# Task
Return exactly the lines of the records below, starting at the line that contains "forall x, open" and ending at the line that contains "Hypothesis N_separates : forall", with both of those lines kept.

# Excerpted records
Lemma Psi_decay (b G t T : R) : 0 < b -> 0 <= G -> 0 < t -> t / 2 <= T <= t ->
  expR (b * T) * t ^+ 2 <= expR (b * t) ->
  Psi b G T * t ^+ 2 / expR (b * t) <= G * (384 / b ^+ 3 + 4 / b) / t.
Proof.
move=> b0 G0 t0 /andP[tT Tt] ebT.
have T0 : 0 < T by lra.
set H := expR (b * t / 2); have H0 : 0 < H := expR_gt0 _.
have HH : expR (b * t) = H * H by rewrite -expRD; congr expR; field.
have bt4 : (b * t) ^+ 4 <= 384 * H.
  have := pow_div_fact_le_expR (b * t / 2) 3 (divr_ge0 (mulr_ge0 (ltW b0) (ltW t0)) (ler0n R 2)).
  have -> : (3.+1)`!%:R = 24 :> R by [].
  have -> : (b * t) ^+ 4 = 384 * ((b * t / 2) ^+ 4 / 24) by field.
  rewrite -/H; lra.
have HT : expR (b * T / 2) <= H.
  by rewrite ler_expR ler_pM2r// ler_pM2l.
have term1 : b * T * expR (b * T / 2) * t ^+ 2 <= 384 / b ^+ 3 / t * expR (b * t).
  apply: (@le_trans _ _ (b * t * H * t ^+ 2)).
    rewrite ler_pM2r ?exprn_gt0//.
    by apply: ler_pM; rewrite ?mulr_ge0 ?expR_ge0 ?ler_pM2l// ltW.
  rewrite HH (_ : b * t * H * t ^+ 2 = (b * t) ^+ 4 / (b ^+ 3 * t) * H); last first.
    by field; rewrite !lt0r_neq0.
  rewrite (_ : 384 / b ^+ 3 / t * (H * H) = 384 * H / (b ^+ 3 * t) * H); last first.
    by field; rewrite !lt0r_neq0.
  by rewrite ler_pM2r// ler_pM2r// invr_gt0 mulr_gt0// exprn_gt0.
have term2 : 2 * expR (b * T) / (b * T) * t ^+ 2 <= 4 / b / t * expR (b * t).
  rewrite (_ : _ * t ^+ 2 = 2 / (b * T) * (expR (b * T) * t ^+ 2)); last first.
    by field; rewrite !lt0r_neq0.
  apply: le_trans (ler_wpM2l _ ebT) _; first by rewrite divr_ge0 ?mulr_ge0 ?ltW.
  rewrite ler_pM2r ?expR_gt0// ler_pdivrMr ?mulr_gt0//.
  rewrite (_ : 4 / b / t * (b * T) = 4 * T / t); last by field; rewrite !lt0r_neq0.
  by rewrite ler_pdivlMr//; lra.
rewrite ler_pdivrMr ?expR_gt0// /Psi.
rewrite (_ : G * (384 / b ^+ 3 + 4 / b) / t * expR (b * t) =
  G * (384 / b ^+ 3 / t * expR (b * t) + 4 / b / t * expR (b * t))); last first.
  by field; rewrite !lt0r_neq0.
by rewrite -mulrA ler_wpM2l// mulrDl lerD.
Qed.

End asymptotics.

Section Jint_bound.
Context {R : realType}.
Variables (k : nat) (lambda0 V0 b G : R) (u : nat -> R) (g : R -> R).
Hypotheses (V0_gt0 : 0 < V0) (u_gt0 : forall i, (1 <= i <= k)%N -> 0 < u i).
Hypotheses (g_ge0 : forall x, 0 <= g x) (mg : measurable_fun setT g).
Hypotheses (b_gt0 : 0 < b) (g_le : forall x, x \in `[0, b] -> g x <= G).
Hypothesis k_ge1 : (1 <= k)%N.

Let c t := V0 * (\prod_(1 <= i < k.+1) u i) * expR (lambda0 * t).

Let prod_u_gt0 : 0 < \prod_(1 <= i < k.+1) u i.
Proof.
rewrite big_nat_cond; apply: prodr_gt0 => i /andP[/andP[i1 ik] _].
by rewrite u_gt0// i1 -ltnS.
Qed.

Let c_ge0 t : 0 <= c t.
Proof. by rewrite mulr_ge0 ?expR_ge0// mulr_ge0 ?ltW. Qed.

Let G_ge0 : 0 <= G.
Proof. by apply: le_trans (g_ge0 0) (g_le 0 _); rewrite in_itv /= lexx ltW. Qed.

Lemma Jint_le_Psi t : alpha k b * ln t < t ->
  (Jint k b lambda0 V0 u g t <= (c t * Psi b G (t - alpha k b * ln t) ^+ k)%:E)%E.
Proof.
rewrite /Jint; set a := alpha k b * ln t; set T := t - a => at_.
have T0 : 0 < T by rewrite subr_gt0.
have psi0 y : 0 <= psi b T y by apply: psi_ge0 => //; exact: ltW.
have Psi0 : 0 <= Psi b G T by apply: Psi_ge0.
have -> : Psi b G T ^+ k = \prod_(j < k) Psi b G T by rewrite prodr_const card_ord.
apply: le_trans (box_int_prod_le k 0 b (c t) (fun _ y => g y * psi b T y)
  (fun _ => Psi b G T) _ _ _ (c_ge0 t) _); first last.
- by move=> j _; exact: integral_psi_le_Psi.
- by move=> j.
- move=> j; apply: measurable_funM => //.
  exact: continuous_measurable_fun (continuous_psi b T).
- by move=> j y; rewrite mulr_ge0.
apply: le_box_int => xs.
  rewrite mule_ge0 ?lee_fin ?prodr_ge0// simplex_int_ge0// => l.
  by rewrite lee_fin mulr_ge0 ?c_ge0// prodr_ge0// => j _; rewrite expR_ge0.
move=> /(all_nthP 0) xs_in.
have nth_in (j : 'I_k) : 0 <= nth 0 xs j <= b.
  have [jxs|xsj] := ltnP j (size xs); last by rewrite nth_default// lexx ltW.
  exact: xs_in.
have simplex_bound := simplex_int_prod_le k a a t (c t)
  (fun j s => expR (nth 0 xs j * (t - s))) (fun j => psi b T (nth 0 xs j)).
apply: le_trans (lee_wpmul2l _ (simplex_bound _ _ _ (c_ge0 t) (lexx a) _)) _.
- by rewrite lee_fin prodr_ge0.
- by move=> j s; rewrite expR_ge0.
- move=> j; apply: continuous_measurable_fun.
  have -> : (fun s => expR (nth 0 xs j * (t - s))) =
      (fun s => expR (- nth 0 xs j * s + nth 0 xs j * t)).
    by apply: funext => s; rewrite mulrBr mulNr addrC.
  exact: continuous_expR_affine.
- by move=> j.
- by move=> j jk; apply: (integral_expR_le_psi _ b_gt0); rewrite ?(nth_in (Ordinal jk)).
- by rewrite -EFinM lee_fin big_split /= mulrCA.
Qed.
(* Let $X$ be a separable absolutely neighbourhood star-Hurewicz space. If $Y$ is a closed and discrete subset of $X$, then $|Y|<\mathfrak{b}$.
   Context: All spaces are regular. $St(A,\mathcal{U})=\bigcup\{U\in\mathcal{U}:U\cap A\neq\emptyset\}$. $\mathfrak{b}$ is the bounding number. $X$ is absolutely neighbourhood star-Hurewicz if for each sequence $(\mathcal{U}_n:n\in\omega)$ of open covers of $X$ and each dense subset $D$ of $X$ there is a sequence $(F_n:n\in\omega)$ of finite subsets of $D$ such that for any open sets $O_n$ with $F_n\subseteq O_n$ ($n\in\omega$), every $x\in X$ lies in $St(O_n,\mathcal{U}_n)$ for all but finitely many $n$. *)

From HB Require Import structures.
From mathcomp Require Import all_boot all_order.
From mathcomp Require Import all_classical all_reals topology.
Import Order.TTheory.
Set Implicit Arguments. Unset Strict Implicit. Unset Printing Implicit Defensive.
Local Open Scope classical_set_scope.

Definition St {T : Type} (A : set T) (U : set (set T)) : set T :=
  \bigcup_(V in [set V | U V /\ V `&` A !=set0]) V.

Definition open_cover {T : topologicalType} (U : set (set T)) : Prop :=
  (forall V, U V -> open V) /\ \bigcup_(V in U) V = setT.

Definition separable (T : topologicalType) : Prop :=
  exists D : set T, countable D /\ dense D.

Definition abs_nbhd_star_Hurewicz (T : topologicalType) : Prop :=
  forall (U : nat -> set (set T)) (D : set T),
    (forall n, open_cover (U n)) -> dense D ->
    exists F : nat -> set T,
      (forall n, finite_set (F n) /\ F n `<=` D) /\
      forall O : nat -> set T,
        (forall n, open (O n) /\ F n `<=` O n) ->
        forall x : T, \forall n \near \oo, St (O n) (U n) x.

Definition closed_discrete {T : topologicalType} (Y : set T) : Prop :=
  closed Y /\
  forall y, Y y -> exists W : set T, open W /\ W y /\ W `&` Y = [set y].

Definition le_star (f g : nat -> nat) : Prop := \forall n \near \oo, (f n <= g n)%N.

Definition unbounded_family (F : set (nat -> nat)) : Prop :=
  ~ exists g, forall f, F f -> le_star f g.

(* |A| < b, where b = min { |F| : F unbounded in (omega^omega, <=* ) }:
   every unbounded family has cardinality strictly larger than |A|
   (equivalently, by comparability of cardinals, not <= |A|). *)
Definition card_lt_bounding {T : Type} (A : set T) : Prop :=
  forall F : set (nat -> nat), unbounded_family F -> ~ (F #<= A)%card.

From HB Require Import structures.
From mathcomp Require Import all_boot all_order.
From mathcomp Require Import all_classical all_reals topology.
Local Open Scope classical_set_scope.

(* Let F be an unbounded family with a surjection lab : Y -> F; we bound F.
   Enumerate a countable dense set as d 0, d 1, ..., isolate each y in Y by an
   open W y meeting Y only in y, and (by regularity) give each point x an open
   neighbourhood N x whose closure meets Y at most in x.  For each n, the sets
   W y minus the closures of N (d k), k <= lab y n, d k <> y, together with
   X \ Y, form an open cover U n.  The star-Hurewicz property applied to these
   covers and the dense set yields finite sets inside {d k | k <= g n}; with
   O n the union of the N (d k), k <= g n, every y in Y lies eventually in
   St(O n, U n), which forces lab y n <= g n unless y is one of the d k.
   The function n |-> max (g n) (max_{k <= n} lab (d k) n) therefore dominates
   every member of F, a contradiction. *)

Lemma unbounded_family_nonempty {F : set (nat -> nat)} :
  unbounded_family F -> F !=set0.
Proof.
move=> unbF; apply/set0P/negP => /eqP F0; apply: unbF.
by exists id => f; rewrite F0.
Qed.

Lemma dense_nonempty {T : topologicalType} {D : set T} (x : T) :
  dense D -> D !=set0.
Proof.
move=> dD; have [z [_ Dz]] := dD setT (ex_intro _ x I) openT.
by exists z.
Qed.

Lemma countable_enum {T : Type} {D : set T} :
  countable D -> D !=set0 -> exists d : nat -> T, range d = D.
Proof.
move=> /pfcard_geP [->|[d]]; first by move=> /set0P; rewrite eqxx.
move=> _; exists d; apply/seteqP; split.
  by move=> _ [k _ <-]; exact: funS.
by move=> x /(@surj _ _ _ _ d) [k _ <-]; exists k.
Qed.

Lemma finite_nat_bounded {A : set nat} :
  finite_set A -> exists m, forall k, A k -> (k <= m)%N.
Proof.
move=> /finite_fsetP [S ->].
exists (\max_(k <- finmap.enum_fset S) k)%N => k Sk.
exact: (@leq_bigmax_seq _ _ predT).
Qed.

Lemma finite_range_bounded {T : Type} {d : nat -> T} {F : set T} :
  finite_set F -> F `<=` range d ->
  exists m, F `<=` d @` [set k | (k <= m)%N].
Proof.
move=> finF Fd; have /choice [idx didx] : forall x, exists k, F x -> d k = x.
  by move=> x; have [Fx|nFx] := pselect (F x);
    [have [k _ <-] := Fd x Fx; exists k | exists 0%N].
have [m idx_m] := finite_nat_bounded (finite_image idx finF).
by exists m => x Fx; exists (idx x); [apply: idx_m; exists x | exact: didx].
Qed.

Lemma le_star_bigmax (f : nat -> nat -> nat) (k : nat) :
  le_star (f k) (fun n => \max_(i < n.+1) f i n)%N.
Proof.
apply: filterS (nbhs_infty_ge k) => n kn.
have kn1 : (k < n.+1)%N by [].
exact: (@leq_bigmax_cond _ predT (fun i : 'I_n.+1 => f i n) (Ordinal kn1)).
Qed.

Lemma dominated_by_diagonal {T : Type} (d : nat -> T) (lab : T -> nat -> nat)
    (g : nat -> nat) (y : T) :
  range d y \/ (\forall n \near \oo, (lab y n <= g n)%N) ->
  le_star (lab y) (fun n => maxn (g n) (\max_(k < n.+1) lab (d k) n)%N).
Proof.
move=> [[k _ <-]|lab_g].
  apply: filterS (le_star_bigmax (fun k => lab (d k)) k) => n /leq_trans.
  by apply; exact: leq_maxr.
by apply: filterS lab_g => n /leq_trans; apply; exact: leq_maxl.
Qed.

Lemma closed_discrete_subset_closed {X : topologicalType} {Y S : set X} :
  closed_discrete Y -> S `<=` Y -> closed S.
Proof.
move=> [clY isoY] SY; rewrite -openC openE => z nSz.
have [Yz|nYz] := pselect (Y z).
  have [W [oW [Wz WY]]] := isoY z Yz.
  apply: filterS (open_nbhs_nbhs (conj oW Wz)) => u Wu Su.
  have : (W `&` Y) u by split => //; exact: SY.
  by rewrite WY => /= uz; apply: nSz; rewrite -uz.
apply: filterS (open_nbhs_nbhs (conj (closed_openC clY) nYz)) => u nYu Su.
exact/nYu/SY.
Qed.

Lemma closed_discrete_isolating {X : topologicalType} {Y : set X} :
  closed_discrete Y -> exists W : X -> set X,
    forall y, Y y -> open (W y) /\ W y y /\ W y `&` Y = [set y].
Proof.
move=> [_ isoY]; have /choice [W HW] : forall y, exists W : set X,
    Y y -> open W /\ W y /\ W `&` Y = [set y].
  move=> y; have [Yy|nYy] := pselect (Y y); last by exists set0.
  by have [W ?] := isoY y Yy; exists W.
by exists W.
Qed.

(* In a regular space every point x has an open neighbourhood whose closure
   meets the closed discrete set Y at most in x: apply regularity to the
   open neighbourhood X \ (Y \ {x}) of x. *)
Lemma regular_closed_discrete_nbhd {X : topologicalType} {Y : set X} (x : X) :
  regular_space X -> closed_discrete Y -> exists B : set X,
    open B /\ B x /\ forall y, Y y -> closure B y -> y = x.
Proof.
move=> reg cdY.
have open_compl : open (~` (Y `\ x)).
  by apply: closed_openC; apply: closed_discrete_subset_closed cdY _ => ? [].
have : nbhs x (~` (Y `\ x)) by apply: open_nbhs_nbhs; split => // -[_]; apply.
move=> /reg [A]; rewrite nbhsE => -[B [oB Bx] BA] clAG.
exists B; split => //; split => // y Yy /(closureS BA)/clAG.
by move=> nYy; apply: contrapT => yx; apply: nYy.
Qed.

Lemma regular_closed_discrete_separating {X : topologicalType} {Y : set X} :
  regular_space X -> closed_discrete Y -> exists N : X -> set X,
    forall x, open (N x) /\ N x x /\ forall y, Y y -> closure (N x) y -> y = x.
Proof.
move=> reg cdY.
have /choice [N HN] := fun x => regular_closed_discrete_nbhd x reg cdY.
by exists N.
Qed.

Section star_cover.
Context {X : topologicalType} (Y : set X) (W N : X -> set X) (d : nat -> X)
  (lab : X -> nat -> nat).
Hypothesis closedY : closed Y.
Hypothesis W_isolates : forall y, Y y ->
  open (W y) /\ W y y /\ W y `&` Y = [set y].
Hypothesis N_separates : forall x,
  open (N x) /\ N x x /\ forall y, Y y -> closure (N x) y -> y = x.

Definition shadow (y : X) (m : nat) : set X :=
  \bigcup_(k in [set k | (k <= m)%N /\ d k <> y]) closure (N (d k)).

Definition star_cover (n : nat) : set (set X) :=
  [set ~` Y] `|` [set W y `&` ~` shadow y (lab y n) | y in Y].

Definition initial_union (m : nat) : set X :=
  \bigcup_(k in [set k | (k <= m)%N]) N (d k).

Lemma closed_shadow y m : closed (shadow y m).
Proof.
apply: closed_bigcup => [|k _]; last exact: closed_closure.
by apply: sub_finite_set (finite_II m.+1) => k [km _] /=; rewrite ltnS.
Qed.

Lemma shadow_avoids y m : Y y -> ~ shadow y m y.
Proof.
move=> Yy [k [_ dky]] clNy; apply: dky.
by have [_ [_ sepN]] := N_separates (d k); rewrite (sepN y Yy clNy).
Qed.

Lemma star_cover_open_cover n : open_cover (star_cover n).
Proof.
split.
  move=> B [->|[y Yy <-]]; first exact: closed_openC.
  have [oW _] := W_isolates _ Yy.
  exact/openI/closed_openC/closed_shadow.
apply/seteqP; split => // z _; have [Yz|nYz] := pselect (Y z).
  exists (W z `&` ~` shadow z (lab z n)); first by right; exists z.
  by have [_ [Wz _]] := W_isolates _ Yz; split => //; exact: shadow_avoids.
by exists (~` Y) => //; left.
Qed.

Lemma open_initial_union m : open (initial_union m).
Proof. by apply: bigcup_open => k _; have [] := N_separates (d k). Qed.

(* The key estimate: the only member of star_cover n containing y in Y is the
   one indexed by y, and it misses the neighbourhoods N (d k) for k up to
   lab y n with d k <> y; so if y is not some d k and its star meets
   initial_union m, then lab y n <= m. *)
Lemma star_initial_union_bound y n m : Y y -> ~ range d y ->
  St (initial_union m) (star_cover n) y -> (lab y n <= m)%N.
Proof.
move=> Yy nDy [B [[->|[y' Yy' <-]] [z [Bz [k km Nz]]]] By]; first by case: By.
have y'y : y' = y.
  have [_ [_ WY]] := W_isolates _ Yy'.
  by have : (W y' `&` Y) y := conj By.1 Yy; rewrite WY.
subst y'.
case: Bz => _ nshz; rewrite leqNgt; apply/negP => mlt; apply: nshz.
exists k; last exact: subset_closure.
split => /=; first exact: leq_trans km (ltnW mlt).
by move=> dky; apply: nDy; exists k.
Qed.
End star_cover.

Theorem mainTheorem10 (X : topologicalType) :
  regular_space X -> separable X -> abs_nbhd_star_Hurewicz X ->
  forall Y : set X, closed_discrete Y -> card_lt_bounding Y.
Proof.
move=> reg [D [cD dD]] hurewicz Y cdY F unbF /pcard_surjP [lab labF].
have [f0 Ff0] := unbounded_family_nonempty unbF.
have [y0 Yy0 _] := labF f0 Ff0.
have [d rangeD] := countable_enum cD (dense_nonempty y0 dD).
have [W W_isolates] := closed_discrete_isolating cdY.
have [N N_separates] := regular_closed_discrete_separating reg cdY.
pose U := star_cover Y W N d lab.
have U_covers : forall n, open_cover (U n).
  exact: star_cover_open_cover cdY.1 W_isolates N_separates.
have [S [finS hurS]] := hurewicz U D U_covers dD.
have /choice [g Sg] : forall n, exists m, S n `<=` d @` [set k | (k <= m)%N].
  move=> n; have [finSn SD] := finS n.
  by apply: finite_range_bounded; rewrite ?rangeD.
have starY : forall x,
    \forall n \near \oo, St (initial_union N d (g n)) (U n) x.
  apply: hurS => n; split; first exact: (open_initial_union _ _ _ N_separates).
  by move=> x /Sg [k kg <-]; exists k => //; have [_ []] := N_separates (d k).
apply: unbF; exists (fun n => maxn (g n) (\max_(k < n.+1) lab (d k) n)%N).
move=> _ /labF [y Yy <-]; apply: (dominated_by_diagonal d lab g y).
have [Dy|nDy] := pselect (range d y); [by left | right].
apply: filterS (starY y) => n.
exact: star_initial_union_bound W_isolates _ _ _ Yy nDy.
Qed.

# Task solution
    forall x, open (N x) /\ N x x /\ forall y, Y y -> closure (N x) y -> y = x.
Proof.
move=> reg cdY.
have /choice [N HN] := fun x => regular_closed_discrete_nbhd x reg cdY.
by exists N.
Qed.

Section star_cover.
Context {X : topologicalType} (Y : set X) (W N : X -> set X) (d : nat -> X)
  (lab : X -> nat -> nat).
Hypothesis closedY : closed Y.
Hypothesis W_isolates : forall y, Y y ->
  open (W y) /\ W y y /\ W y `&` Y = [set y].
Hypothesis N_separates : forall x,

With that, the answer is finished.